* BRIEF *
Once the line containing "Lemma X_proj z" is found in the entries below, reproduce it and every line after it, stopping at and including the line containing "Lemma proj_sqr_le w z : X z ->"; reproduce nothing else, and keep each line exact.

* LISTED RECORDS *
***

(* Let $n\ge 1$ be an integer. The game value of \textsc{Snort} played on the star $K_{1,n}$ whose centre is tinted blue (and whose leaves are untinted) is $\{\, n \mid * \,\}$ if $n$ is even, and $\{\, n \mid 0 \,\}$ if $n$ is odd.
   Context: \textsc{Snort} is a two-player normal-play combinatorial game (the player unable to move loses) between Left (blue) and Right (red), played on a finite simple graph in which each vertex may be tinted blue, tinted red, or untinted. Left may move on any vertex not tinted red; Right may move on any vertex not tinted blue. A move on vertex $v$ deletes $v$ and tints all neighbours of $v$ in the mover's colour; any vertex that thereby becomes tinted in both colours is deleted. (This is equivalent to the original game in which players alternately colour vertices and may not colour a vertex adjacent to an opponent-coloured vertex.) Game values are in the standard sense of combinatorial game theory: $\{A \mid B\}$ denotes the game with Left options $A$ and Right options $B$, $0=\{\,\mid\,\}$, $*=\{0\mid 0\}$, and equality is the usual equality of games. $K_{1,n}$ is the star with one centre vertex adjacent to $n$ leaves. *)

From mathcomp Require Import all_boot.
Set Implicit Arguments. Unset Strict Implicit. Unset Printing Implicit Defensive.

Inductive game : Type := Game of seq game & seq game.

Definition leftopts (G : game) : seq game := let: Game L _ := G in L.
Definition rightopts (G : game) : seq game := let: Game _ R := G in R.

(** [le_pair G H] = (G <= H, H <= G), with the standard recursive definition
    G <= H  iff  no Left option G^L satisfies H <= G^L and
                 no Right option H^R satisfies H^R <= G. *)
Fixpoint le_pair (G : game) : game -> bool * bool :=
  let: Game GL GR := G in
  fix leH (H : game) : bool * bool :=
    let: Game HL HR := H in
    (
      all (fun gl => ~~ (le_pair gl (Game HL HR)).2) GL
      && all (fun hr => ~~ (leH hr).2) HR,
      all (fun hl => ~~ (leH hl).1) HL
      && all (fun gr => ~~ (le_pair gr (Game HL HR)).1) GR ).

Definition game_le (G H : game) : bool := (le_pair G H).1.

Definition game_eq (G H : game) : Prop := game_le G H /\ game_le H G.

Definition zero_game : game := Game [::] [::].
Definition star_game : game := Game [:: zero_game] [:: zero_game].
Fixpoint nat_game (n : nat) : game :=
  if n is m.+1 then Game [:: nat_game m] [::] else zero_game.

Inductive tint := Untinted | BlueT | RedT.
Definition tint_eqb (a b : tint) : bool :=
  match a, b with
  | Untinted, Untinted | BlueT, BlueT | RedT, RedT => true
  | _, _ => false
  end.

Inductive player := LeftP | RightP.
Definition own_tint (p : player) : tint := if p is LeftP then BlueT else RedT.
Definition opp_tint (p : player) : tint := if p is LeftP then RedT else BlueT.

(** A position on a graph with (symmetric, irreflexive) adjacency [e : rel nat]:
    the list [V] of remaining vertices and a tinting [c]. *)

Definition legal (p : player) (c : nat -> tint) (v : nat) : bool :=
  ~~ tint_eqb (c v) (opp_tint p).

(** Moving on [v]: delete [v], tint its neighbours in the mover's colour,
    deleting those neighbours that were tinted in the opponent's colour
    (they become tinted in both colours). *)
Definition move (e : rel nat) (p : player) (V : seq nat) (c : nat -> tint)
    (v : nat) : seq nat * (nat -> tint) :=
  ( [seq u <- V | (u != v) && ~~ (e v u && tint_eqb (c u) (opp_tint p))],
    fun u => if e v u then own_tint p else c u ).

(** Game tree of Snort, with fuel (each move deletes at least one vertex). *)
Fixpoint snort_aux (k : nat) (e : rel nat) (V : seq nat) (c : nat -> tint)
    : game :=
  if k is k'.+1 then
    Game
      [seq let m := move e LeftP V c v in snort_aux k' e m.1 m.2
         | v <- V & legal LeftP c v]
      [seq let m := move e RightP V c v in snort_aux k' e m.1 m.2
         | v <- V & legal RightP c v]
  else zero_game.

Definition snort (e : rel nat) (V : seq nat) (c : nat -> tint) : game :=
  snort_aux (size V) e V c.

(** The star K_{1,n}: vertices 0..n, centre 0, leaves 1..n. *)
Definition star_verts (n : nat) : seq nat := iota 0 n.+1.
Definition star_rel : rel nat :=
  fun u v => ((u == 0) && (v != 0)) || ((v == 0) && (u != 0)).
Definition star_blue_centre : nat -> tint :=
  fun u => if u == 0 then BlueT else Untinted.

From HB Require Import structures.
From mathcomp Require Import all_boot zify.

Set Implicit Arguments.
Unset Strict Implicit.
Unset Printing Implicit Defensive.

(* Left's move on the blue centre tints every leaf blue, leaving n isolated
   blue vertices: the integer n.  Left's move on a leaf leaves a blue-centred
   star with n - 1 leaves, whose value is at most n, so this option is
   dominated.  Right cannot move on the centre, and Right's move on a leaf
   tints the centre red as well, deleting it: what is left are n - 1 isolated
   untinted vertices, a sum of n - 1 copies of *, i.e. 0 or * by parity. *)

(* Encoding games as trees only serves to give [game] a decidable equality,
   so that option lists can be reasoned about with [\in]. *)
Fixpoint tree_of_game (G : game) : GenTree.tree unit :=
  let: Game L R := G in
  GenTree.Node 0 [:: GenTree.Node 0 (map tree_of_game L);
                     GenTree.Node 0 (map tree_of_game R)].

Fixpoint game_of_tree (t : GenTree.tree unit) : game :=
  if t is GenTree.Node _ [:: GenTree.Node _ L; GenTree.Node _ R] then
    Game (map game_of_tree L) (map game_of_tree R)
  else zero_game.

***

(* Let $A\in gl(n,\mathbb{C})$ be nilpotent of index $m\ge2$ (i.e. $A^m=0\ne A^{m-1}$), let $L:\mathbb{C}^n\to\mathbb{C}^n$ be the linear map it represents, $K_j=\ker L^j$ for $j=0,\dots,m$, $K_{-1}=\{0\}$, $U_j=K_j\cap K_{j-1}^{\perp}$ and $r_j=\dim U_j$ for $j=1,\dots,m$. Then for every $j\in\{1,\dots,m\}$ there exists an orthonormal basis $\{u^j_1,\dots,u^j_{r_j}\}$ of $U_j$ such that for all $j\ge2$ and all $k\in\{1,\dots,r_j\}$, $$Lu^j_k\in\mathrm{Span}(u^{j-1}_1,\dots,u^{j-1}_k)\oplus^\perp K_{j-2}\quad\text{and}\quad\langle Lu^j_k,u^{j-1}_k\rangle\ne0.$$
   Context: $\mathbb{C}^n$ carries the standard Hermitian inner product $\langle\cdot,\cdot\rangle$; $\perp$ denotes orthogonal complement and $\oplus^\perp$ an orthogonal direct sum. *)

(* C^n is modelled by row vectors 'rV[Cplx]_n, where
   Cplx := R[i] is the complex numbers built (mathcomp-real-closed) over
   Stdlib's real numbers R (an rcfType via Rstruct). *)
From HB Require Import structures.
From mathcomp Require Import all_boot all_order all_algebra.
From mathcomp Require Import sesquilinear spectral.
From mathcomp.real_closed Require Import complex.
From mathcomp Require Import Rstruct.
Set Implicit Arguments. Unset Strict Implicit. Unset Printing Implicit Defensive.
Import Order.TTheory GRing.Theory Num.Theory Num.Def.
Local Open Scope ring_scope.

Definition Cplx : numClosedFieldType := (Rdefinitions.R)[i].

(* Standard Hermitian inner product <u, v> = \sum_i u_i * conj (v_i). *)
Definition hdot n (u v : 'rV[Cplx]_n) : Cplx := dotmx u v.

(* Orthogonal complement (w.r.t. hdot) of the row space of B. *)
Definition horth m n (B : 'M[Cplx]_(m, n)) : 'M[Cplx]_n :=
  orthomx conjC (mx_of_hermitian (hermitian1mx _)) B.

***

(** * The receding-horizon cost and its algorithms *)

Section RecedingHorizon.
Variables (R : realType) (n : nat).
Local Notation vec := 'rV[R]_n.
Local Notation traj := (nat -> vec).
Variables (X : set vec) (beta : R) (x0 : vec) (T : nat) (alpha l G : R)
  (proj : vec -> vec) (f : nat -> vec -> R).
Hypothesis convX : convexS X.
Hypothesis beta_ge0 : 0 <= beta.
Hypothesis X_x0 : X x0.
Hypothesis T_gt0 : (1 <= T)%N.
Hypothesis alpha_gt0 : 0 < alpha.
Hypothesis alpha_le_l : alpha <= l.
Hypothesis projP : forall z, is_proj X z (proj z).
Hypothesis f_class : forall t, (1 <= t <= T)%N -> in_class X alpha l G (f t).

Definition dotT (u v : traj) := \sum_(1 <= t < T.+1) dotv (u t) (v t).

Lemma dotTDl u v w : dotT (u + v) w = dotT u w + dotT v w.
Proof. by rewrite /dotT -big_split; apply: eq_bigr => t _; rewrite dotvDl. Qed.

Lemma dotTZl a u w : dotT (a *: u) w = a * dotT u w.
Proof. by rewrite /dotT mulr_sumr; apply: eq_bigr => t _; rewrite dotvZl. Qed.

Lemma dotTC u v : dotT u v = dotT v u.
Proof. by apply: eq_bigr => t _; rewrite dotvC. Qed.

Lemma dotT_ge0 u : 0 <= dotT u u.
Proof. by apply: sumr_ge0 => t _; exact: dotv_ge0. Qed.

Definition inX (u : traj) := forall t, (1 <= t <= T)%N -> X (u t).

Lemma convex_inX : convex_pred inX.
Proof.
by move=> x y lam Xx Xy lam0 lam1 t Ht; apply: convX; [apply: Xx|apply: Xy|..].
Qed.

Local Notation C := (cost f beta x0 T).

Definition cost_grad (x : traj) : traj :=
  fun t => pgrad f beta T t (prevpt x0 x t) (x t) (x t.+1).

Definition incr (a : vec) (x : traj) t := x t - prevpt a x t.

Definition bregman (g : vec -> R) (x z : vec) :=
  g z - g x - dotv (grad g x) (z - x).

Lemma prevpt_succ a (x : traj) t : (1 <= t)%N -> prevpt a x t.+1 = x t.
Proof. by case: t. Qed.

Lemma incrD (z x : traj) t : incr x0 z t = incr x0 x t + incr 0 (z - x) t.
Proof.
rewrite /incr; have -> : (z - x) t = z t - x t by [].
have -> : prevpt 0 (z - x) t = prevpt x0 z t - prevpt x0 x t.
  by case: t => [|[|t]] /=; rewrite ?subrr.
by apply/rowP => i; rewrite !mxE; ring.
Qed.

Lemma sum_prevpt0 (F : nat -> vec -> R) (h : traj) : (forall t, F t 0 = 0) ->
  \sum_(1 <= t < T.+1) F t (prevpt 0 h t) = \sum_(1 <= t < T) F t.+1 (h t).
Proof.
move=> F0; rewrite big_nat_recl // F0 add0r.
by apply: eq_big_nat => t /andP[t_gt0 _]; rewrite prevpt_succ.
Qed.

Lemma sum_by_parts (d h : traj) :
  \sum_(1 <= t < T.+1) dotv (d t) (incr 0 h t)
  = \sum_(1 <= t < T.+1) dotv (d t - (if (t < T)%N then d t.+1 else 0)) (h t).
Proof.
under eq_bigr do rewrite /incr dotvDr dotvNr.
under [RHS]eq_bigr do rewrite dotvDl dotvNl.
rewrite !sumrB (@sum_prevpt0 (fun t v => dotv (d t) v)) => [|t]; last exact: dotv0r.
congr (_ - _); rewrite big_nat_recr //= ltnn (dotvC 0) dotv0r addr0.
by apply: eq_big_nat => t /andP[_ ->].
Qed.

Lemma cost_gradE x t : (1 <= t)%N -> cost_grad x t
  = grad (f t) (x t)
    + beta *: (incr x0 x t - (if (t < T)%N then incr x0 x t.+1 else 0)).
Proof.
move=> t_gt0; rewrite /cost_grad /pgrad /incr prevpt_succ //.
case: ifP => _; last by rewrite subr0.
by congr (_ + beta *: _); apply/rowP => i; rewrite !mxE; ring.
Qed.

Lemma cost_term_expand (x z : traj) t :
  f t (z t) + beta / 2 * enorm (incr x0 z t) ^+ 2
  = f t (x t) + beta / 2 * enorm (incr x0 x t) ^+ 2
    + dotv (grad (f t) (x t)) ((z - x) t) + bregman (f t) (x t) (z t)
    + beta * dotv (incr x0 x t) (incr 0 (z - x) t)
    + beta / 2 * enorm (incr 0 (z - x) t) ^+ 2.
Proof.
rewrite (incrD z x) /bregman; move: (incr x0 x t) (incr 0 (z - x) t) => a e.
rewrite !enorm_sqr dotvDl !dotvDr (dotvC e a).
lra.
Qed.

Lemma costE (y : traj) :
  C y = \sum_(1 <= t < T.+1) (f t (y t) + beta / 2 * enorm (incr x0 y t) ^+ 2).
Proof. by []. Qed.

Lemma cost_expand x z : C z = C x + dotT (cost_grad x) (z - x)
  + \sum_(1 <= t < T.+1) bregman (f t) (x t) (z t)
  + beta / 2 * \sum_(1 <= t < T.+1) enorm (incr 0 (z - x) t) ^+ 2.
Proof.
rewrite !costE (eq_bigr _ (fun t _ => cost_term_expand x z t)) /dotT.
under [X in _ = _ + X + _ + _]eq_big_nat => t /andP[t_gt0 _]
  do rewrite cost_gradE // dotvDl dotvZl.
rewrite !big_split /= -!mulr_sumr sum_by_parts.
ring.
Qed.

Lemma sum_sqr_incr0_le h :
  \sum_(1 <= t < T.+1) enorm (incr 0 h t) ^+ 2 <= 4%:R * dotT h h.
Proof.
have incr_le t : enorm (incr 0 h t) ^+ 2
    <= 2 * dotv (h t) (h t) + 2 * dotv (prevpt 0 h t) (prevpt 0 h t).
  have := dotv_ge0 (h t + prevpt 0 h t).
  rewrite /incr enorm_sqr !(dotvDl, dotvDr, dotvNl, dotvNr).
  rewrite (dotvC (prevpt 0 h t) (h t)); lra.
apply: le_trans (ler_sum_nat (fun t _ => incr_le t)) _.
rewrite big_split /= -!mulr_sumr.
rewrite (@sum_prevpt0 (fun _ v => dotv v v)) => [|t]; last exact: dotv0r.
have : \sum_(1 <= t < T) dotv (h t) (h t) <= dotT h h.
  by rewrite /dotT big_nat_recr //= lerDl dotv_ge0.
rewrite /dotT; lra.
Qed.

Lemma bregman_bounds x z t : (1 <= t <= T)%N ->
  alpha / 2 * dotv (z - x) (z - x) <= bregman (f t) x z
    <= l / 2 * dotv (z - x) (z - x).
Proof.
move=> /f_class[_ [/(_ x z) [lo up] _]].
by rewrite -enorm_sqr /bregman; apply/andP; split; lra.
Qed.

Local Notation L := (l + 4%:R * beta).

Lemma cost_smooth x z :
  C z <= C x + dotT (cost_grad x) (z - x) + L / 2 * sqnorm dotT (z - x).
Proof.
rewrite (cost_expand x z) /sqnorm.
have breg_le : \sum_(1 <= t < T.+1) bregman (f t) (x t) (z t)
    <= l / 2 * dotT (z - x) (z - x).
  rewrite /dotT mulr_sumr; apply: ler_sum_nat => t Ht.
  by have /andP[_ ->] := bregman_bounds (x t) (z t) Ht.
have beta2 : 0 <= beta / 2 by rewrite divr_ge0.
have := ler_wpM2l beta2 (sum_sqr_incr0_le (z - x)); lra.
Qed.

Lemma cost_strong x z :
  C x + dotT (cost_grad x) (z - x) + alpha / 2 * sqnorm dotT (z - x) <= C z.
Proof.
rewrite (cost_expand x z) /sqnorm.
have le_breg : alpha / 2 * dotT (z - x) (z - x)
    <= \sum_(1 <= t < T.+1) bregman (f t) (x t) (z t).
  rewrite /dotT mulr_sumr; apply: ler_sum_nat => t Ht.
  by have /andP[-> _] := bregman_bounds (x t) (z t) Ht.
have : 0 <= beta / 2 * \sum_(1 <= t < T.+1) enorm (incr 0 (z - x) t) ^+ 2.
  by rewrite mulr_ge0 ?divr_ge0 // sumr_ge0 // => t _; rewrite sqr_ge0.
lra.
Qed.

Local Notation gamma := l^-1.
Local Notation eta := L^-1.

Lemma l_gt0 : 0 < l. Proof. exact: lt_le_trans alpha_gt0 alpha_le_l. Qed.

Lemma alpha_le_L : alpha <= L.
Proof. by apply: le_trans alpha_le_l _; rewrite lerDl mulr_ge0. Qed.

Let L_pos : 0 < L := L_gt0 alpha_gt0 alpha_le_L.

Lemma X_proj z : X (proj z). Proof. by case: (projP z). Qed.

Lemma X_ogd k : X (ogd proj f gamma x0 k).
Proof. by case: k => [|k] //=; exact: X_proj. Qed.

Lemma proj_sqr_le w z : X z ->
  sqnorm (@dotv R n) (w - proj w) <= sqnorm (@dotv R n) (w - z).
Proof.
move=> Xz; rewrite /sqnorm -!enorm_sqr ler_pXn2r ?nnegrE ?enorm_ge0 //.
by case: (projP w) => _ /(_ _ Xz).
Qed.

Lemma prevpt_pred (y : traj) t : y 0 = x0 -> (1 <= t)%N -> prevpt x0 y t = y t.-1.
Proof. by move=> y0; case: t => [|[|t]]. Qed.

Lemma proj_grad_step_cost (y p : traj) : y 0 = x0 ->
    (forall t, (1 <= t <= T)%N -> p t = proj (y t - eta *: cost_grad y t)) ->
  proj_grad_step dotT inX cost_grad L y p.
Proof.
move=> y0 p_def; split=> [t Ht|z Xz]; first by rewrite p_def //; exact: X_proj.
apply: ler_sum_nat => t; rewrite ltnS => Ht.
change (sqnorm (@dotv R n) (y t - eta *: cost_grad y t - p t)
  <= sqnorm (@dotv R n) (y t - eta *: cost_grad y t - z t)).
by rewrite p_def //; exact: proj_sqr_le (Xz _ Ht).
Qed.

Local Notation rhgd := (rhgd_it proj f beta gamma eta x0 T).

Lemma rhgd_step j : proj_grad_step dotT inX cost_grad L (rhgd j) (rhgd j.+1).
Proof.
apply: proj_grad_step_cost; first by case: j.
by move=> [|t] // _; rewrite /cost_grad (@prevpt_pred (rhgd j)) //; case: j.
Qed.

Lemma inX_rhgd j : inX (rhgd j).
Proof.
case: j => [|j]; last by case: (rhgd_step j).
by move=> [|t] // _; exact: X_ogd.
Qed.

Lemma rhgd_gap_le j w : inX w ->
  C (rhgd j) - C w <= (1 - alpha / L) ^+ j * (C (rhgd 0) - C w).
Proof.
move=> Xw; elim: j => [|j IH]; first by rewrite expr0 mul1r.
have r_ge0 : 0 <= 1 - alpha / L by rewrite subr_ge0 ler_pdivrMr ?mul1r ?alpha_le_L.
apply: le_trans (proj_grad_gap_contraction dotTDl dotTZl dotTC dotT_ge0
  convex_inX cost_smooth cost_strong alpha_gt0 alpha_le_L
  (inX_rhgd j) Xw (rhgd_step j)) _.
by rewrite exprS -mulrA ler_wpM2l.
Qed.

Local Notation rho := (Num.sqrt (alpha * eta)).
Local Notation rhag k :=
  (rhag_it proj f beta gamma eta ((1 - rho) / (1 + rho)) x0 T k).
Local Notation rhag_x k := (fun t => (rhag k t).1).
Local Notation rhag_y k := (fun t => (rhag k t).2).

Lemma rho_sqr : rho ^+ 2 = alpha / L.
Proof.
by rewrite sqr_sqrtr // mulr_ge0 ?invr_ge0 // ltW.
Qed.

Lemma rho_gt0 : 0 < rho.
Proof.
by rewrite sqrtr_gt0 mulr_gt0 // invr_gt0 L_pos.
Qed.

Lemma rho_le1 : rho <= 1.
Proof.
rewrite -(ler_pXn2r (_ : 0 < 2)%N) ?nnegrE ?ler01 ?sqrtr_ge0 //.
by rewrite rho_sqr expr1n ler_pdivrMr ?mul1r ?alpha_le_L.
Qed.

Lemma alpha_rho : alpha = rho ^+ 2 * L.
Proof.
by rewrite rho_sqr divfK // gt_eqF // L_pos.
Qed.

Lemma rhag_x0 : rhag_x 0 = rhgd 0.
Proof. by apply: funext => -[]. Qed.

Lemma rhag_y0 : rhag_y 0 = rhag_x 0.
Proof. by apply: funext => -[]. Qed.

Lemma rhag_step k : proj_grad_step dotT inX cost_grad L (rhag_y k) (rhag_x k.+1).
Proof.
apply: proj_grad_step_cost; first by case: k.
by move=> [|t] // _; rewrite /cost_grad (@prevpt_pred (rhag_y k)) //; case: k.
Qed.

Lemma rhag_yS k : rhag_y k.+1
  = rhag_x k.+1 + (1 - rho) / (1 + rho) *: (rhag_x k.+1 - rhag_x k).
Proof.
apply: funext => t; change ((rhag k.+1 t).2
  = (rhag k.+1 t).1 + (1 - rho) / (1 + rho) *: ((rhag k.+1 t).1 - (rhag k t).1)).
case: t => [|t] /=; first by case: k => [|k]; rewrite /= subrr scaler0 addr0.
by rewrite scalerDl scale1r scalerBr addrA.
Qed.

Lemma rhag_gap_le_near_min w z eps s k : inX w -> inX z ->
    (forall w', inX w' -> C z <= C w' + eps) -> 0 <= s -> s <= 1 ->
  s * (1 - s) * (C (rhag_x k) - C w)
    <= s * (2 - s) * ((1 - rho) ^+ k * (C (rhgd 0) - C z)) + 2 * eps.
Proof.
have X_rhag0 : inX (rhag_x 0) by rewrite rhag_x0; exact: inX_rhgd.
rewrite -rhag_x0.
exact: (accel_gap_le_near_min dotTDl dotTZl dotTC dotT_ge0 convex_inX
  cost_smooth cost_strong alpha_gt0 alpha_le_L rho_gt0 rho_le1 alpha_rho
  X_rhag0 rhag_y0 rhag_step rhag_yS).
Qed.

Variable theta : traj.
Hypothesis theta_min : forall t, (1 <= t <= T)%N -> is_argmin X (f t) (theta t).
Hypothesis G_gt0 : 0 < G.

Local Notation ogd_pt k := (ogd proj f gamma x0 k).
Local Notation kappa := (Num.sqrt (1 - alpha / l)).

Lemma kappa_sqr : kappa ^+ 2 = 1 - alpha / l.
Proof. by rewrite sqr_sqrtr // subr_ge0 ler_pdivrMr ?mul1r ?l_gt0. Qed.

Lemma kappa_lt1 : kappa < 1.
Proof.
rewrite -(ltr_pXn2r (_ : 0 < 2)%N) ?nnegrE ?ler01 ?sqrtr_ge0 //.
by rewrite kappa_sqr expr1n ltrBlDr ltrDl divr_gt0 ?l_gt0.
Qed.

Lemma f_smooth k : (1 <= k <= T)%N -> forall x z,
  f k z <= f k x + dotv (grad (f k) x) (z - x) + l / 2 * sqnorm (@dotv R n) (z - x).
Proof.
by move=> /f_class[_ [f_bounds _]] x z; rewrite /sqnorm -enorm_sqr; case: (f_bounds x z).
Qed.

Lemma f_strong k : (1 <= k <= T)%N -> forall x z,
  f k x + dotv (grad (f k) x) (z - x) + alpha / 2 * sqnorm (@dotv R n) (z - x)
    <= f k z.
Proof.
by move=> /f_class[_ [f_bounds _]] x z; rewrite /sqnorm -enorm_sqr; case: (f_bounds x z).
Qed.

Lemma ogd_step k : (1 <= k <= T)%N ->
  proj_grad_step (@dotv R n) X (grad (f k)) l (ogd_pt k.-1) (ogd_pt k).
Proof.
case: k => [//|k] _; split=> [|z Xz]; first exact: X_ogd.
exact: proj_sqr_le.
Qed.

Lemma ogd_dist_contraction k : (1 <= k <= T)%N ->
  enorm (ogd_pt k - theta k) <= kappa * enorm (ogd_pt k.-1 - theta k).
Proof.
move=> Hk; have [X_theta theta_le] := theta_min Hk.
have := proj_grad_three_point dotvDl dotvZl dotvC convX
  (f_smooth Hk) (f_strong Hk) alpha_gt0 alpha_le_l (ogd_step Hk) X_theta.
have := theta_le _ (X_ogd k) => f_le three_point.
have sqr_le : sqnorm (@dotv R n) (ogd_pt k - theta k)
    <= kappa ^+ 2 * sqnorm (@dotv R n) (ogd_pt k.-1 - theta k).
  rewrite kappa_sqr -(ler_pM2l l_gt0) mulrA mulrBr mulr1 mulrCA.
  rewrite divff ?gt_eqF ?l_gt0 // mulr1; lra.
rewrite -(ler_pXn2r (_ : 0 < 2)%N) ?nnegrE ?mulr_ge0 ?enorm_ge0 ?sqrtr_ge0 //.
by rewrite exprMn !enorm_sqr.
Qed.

***

* EXERCISE SOLUTION *
Lemma X_proj z : X (proj z). Proof. by case: (projP z). Qed.

Lemma X_ogd k : X (ogd proj f gamma x0 k).
Proof. by case: k => [|k] //=; exact: X_proj. Qed.

Lemma proj_sqr_le w z : X z ->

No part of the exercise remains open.